§ Input data:
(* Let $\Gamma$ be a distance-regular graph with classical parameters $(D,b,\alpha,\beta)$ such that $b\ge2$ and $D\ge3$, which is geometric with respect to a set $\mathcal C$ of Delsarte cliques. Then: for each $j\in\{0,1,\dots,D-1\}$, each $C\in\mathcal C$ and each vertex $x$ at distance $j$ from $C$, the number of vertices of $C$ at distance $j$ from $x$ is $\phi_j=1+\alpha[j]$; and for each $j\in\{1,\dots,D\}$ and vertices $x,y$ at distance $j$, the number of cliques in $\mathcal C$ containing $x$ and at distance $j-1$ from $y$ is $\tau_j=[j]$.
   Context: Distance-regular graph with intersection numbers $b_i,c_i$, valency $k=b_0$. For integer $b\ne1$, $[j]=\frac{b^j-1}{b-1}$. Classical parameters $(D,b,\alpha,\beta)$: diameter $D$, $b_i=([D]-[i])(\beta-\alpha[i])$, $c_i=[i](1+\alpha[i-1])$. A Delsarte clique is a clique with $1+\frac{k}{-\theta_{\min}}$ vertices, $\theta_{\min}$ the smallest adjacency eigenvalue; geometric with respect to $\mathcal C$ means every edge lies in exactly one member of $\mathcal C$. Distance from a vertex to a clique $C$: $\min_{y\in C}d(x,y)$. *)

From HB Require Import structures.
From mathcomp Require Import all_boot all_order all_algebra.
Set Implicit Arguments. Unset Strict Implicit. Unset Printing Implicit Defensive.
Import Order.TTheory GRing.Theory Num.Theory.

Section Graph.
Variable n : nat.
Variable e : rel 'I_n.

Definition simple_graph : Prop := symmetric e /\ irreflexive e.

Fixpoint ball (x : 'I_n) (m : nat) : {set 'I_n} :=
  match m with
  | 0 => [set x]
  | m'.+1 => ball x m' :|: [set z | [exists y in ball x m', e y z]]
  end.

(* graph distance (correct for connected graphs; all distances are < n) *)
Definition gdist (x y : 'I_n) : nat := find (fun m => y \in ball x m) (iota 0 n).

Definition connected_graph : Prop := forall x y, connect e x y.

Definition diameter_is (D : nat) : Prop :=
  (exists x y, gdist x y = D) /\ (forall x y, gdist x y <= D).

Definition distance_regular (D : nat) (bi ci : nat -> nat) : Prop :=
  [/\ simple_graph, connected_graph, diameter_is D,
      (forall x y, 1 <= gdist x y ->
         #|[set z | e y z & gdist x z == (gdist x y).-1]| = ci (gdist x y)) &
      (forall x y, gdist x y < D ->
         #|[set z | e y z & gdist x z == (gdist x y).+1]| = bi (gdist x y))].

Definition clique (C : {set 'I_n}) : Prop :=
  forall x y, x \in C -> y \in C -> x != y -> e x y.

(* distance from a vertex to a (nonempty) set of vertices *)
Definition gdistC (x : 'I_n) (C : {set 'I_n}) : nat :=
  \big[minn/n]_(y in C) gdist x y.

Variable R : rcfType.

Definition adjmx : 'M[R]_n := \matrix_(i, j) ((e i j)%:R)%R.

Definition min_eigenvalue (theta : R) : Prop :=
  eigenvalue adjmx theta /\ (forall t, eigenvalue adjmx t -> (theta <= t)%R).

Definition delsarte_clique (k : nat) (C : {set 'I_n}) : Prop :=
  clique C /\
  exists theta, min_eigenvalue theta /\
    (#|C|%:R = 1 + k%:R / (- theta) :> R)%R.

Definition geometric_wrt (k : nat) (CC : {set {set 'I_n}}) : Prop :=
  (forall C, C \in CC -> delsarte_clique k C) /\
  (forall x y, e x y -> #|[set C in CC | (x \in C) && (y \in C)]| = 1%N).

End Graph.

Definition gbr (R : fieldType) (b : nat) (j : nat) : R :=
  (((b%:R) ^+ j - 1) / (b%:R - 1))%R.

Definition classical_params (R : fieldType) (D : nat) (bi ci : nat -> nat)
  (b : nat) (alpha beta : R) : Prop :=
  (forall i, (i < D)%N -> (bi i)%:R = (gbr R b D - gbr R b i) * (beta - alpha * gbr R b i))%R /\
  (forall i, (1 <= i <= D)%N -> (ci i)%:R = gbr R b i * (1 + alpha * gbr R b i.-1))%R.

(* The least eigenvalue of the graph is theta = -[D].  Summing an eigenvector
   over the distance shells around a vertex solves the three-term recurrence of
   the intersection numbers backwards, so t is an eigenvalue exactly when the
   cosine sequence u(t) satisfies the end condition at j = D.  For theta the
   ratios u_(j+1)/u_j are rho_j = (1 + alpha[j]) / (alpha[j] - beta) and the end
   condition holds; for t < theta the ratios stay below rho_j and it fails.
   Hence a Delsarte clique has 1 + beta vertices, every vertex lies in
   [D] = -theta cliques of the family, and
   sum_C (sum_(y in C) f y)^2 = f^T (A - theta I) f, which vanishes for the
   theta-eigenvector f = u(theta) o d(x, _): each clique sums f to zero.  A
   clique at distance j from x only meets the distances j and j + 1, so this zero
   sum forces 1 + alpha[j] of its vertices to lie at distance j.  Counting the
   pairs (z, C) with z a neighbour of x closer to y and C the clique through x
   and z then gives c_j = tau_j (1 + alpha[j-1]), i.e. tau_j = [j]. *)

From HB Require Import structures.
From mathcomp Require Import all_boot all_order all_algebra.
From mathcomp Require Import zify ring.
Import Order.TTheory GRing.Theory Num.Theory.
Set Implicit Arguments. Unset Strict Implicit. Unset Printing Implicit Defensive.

--

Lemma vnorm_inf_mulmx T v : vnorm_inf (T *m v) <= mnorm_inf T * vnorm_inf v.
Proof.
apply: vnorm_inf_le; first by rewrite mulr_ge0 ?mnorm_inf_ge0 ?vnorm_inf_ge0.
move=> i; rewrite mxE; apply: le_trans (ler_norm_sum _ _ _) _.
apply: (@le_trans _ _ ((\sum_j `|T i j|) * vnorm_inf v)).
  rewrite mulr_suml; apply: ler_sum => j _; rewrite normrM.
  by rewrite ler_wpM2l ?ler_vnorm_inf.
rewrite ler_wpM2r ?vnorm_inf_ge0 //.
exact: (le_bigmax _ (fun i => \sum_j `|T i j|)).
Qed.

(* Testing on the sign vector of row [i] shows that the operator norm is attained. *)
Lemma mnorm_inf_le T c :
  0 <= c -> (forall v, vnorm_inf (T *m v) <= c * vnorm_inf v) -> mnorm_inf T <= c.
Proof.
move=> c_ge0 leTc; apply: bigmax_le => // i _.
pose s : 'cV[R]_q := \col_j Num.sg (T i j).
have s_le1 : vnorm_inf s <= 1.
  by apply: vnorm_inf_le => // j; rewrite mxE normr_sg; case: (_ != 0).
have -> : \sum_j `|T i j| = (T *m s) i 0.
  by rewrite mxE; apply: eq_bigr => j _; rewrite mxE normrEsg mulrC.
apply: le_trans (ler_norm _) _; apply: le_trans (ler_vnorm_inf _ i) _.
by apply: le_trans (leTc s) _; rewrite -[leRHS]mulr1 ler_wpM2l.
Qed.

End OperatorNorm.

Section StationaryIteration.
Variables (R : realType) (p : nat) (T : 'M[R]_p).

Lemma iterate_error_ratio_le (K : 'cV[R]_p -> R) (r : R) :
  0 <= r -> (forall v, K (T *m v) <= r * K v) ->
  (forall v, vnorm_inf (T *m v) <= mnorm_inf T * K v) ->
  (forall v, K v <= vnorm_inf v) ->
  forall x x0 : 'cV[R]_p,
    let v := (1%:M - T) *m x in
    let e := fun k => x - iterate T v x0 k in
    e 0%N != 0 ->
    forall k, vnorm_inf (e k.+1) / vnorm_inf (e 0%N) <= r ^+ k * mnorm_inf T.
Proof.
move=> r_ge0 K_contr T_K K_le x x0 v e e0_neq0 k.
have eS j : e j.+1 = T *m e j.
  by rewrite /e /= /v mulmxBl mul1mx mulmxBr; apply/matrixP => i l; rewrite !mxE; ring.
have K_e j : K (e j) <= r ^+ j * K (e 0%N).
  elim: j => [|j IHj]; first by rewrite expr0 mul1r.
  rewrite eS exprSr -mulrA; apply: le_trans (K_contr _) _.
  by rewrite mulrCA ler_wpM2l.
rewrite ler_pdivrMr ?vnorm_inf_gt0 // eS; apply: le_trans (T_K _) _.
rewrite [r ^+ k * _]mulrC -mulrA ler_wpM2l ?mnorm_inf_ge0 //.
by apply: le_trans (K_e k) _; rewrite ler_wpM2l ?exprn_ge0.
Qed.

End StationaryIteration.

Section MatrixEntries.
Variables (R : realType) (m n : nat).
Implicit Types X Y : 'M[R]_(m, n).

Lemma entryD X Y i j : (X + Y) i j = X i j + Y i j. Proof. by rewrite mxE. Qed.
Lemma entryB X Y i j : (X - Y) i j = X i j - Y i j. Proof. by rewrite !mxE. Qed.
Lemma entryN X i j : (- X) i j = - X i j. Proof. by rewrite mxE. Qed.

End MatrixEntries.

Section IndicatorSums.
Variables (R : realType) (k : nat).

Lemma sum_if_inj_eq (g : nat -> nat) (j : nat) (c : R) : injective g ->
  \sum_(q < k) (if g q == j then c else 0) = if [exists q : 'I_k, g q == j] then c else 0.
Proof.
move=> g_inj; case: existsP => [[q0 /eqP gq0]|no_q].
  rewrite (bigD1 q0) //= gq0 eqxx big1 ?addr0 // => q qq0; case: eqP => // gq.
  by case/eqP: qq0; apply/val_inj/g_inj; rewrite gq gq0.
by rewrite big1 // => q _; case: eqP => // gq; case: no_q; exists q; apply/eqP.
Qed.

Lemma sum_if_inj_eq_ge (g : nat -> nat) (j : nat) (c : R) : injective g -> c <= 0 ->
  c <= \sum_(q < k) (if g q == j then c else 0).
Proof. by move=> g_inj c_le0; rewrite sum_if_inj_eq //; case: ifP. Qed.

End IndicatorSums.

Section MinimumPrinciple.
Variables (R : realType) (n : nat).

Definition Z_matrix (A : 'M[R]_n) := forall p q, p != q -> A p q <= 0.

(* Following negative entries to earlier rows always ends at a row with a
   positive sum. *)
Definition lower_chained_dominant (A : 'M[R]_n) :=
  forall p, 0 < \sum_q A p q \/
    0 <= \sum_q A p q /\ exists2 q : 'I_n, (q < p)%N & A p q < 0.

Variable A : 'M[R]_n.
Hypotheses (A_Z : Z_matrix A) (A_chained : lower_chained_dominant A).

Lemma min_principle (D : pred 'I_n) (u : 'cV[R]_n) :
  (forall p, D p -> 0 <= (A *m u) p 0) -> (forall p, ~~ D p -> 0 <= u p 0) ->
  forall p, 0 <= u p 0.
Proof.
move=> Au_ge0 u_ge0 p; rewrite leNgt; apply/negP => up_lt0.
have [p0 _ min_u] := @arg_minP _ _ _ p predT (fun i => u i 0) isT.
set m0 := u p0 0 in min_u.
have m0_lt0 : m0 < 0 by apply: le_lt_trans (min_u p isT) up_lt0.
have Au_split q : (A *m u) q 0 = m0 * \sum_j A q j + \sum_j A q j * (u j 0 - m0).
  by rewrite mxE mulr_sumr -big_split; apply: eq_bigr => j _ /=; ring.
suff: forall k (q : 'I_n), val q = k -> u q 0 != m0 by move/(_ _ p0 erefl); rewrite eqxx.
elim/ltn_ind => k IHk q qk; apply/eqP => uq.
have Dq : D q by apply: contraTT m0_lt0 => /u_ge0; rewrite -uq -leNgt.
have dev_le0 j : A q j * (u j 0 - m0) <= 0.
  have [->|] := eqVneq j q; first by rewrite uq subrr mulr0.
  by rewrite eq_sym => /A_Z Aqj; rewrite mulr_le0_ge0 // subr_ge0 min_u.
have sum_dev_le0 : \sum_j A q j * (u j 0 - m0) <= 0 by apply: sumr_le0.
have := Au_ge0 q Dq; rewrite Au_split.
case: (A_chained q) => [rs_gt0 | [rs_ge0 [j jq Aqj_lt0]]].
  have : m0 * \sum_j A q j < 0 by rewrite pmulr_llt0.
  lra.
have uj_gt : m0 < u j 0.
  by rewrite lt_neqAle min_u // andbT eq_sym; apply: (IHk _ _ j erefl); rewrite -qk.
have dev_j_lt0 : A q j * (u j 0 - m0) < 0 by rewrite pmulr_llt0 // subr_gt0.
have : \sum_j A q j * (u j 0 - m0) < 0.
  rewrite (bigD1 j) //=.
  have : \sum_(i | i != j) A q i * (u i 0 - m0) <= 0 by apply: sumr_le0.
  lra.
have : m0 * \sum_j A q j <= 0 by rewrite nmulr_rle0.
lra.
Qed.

§ Exercise objective:
Among the records above, extract exactly the lines from the line with "(* Let $\Gamma$" to the line with "forall x y, x", both lines included, and leave out the rest.

§ Written solution:
(* Let $\Gamma$ be a distance-regular graph with classical parameters $(D,b,\alpha,\beta)$ such that $b\ge2$ and $D\ge3$, which is geometric with respect to a set $\mathcal C$ of Delsarte cliques. Then: for each $j\in\{0,1,\dots,D-1\}$, each $C\in\mathcal C$ and each vertex $x$ at distance $j$ from $C$, the number of vertices of $C$ at distance $j$ from $x$ is $\phi_j=1+\alpha[j]$; and for each $j\in\{1,\dots,D\}$ and vertices $x,y$ at distance $j$, the number of cliques in $\mathcal C$ containing $x$ and at distance $j-1$ from $y$ is $\tau_j=[j]$.
   Context: Distance-regular graph with intersection numbers $b_i,c_i$, valency $k=b_0$. For integer $b\ne1$, $[j]=\frac{b^j-1}{b-1}$. Classical parameters $(D,b,\alpha,\beta)$: diameter $D$, $b_i=([D]-[i])(\beta-\alpha[i])$, $c_i=[i](1+\alpha[i-1])$. A Delsarte clique is a clique with $1+\frac{k}{-\theta_{\min}}$ vertices, $\theta_{\min}$ the smallest adjacency eigenvalue; geometric with respect to $\mathcal C$ means every edge lies in exactly one member of $\mathcal C$. Distance from a vertex to a clique $C$: $\min_{y\in C}d(x,y)$. *)

From HB Require Import structures.
From mathcomp Require Import all_boot all_order all_algebra.
Set Implicit Arguments. Unset Strict Implicit. Unset Printing Implicit Defensive.
Import Order.TTheory GRing.Theory Num.Theory.

Section Graph.
Variable n : nat.
Variable e : rel 'I_n.

Definition simple_graph : Prop := symmetric e /\ irreflexive e.

Fixpoint ball (x : 'I_n) (m : nat) : {set 'I_n} :=
  match m with
  | 0 => [set x]
  | m'.+1 => ball x m' :|: [set z | [exists y in ball x m', e y z]]
  end.

(* graph distance (correct for connected graphs; all distances are < n) *)
Definition gdist (x y : 'I_n) : nat := find (fun m => y \in ball x m) (iota 0 n).

Definition connected_graph : Prop := forall x y, connect e x y.

Definition diameter_is (D : nat) : Prop :=
  (exists x y, gdist x y = D) /\ (forall x y, gdist x y <= D).

Definition distance_regular (D : nat) (bi ci : nat -> nat) : Prop :=
  [/\ simple_graph, connected_graph, diameter_is D,
      (forall x y, 1 <= gdist x y ->
         #|[set z | e y z & gdist x z == (gdist x y).-1]| = ci (gdist x y)) &
      (forall x y, gdist x y < D ->
         #|[set z | e y z & gdist x z == (gdist x y).+1]| = bi (gdist x y))].

Definition clique (C : {set 'I_n}) : Prop :=
  forall x y, x \in C -> y \in C -> x != y -> e x y.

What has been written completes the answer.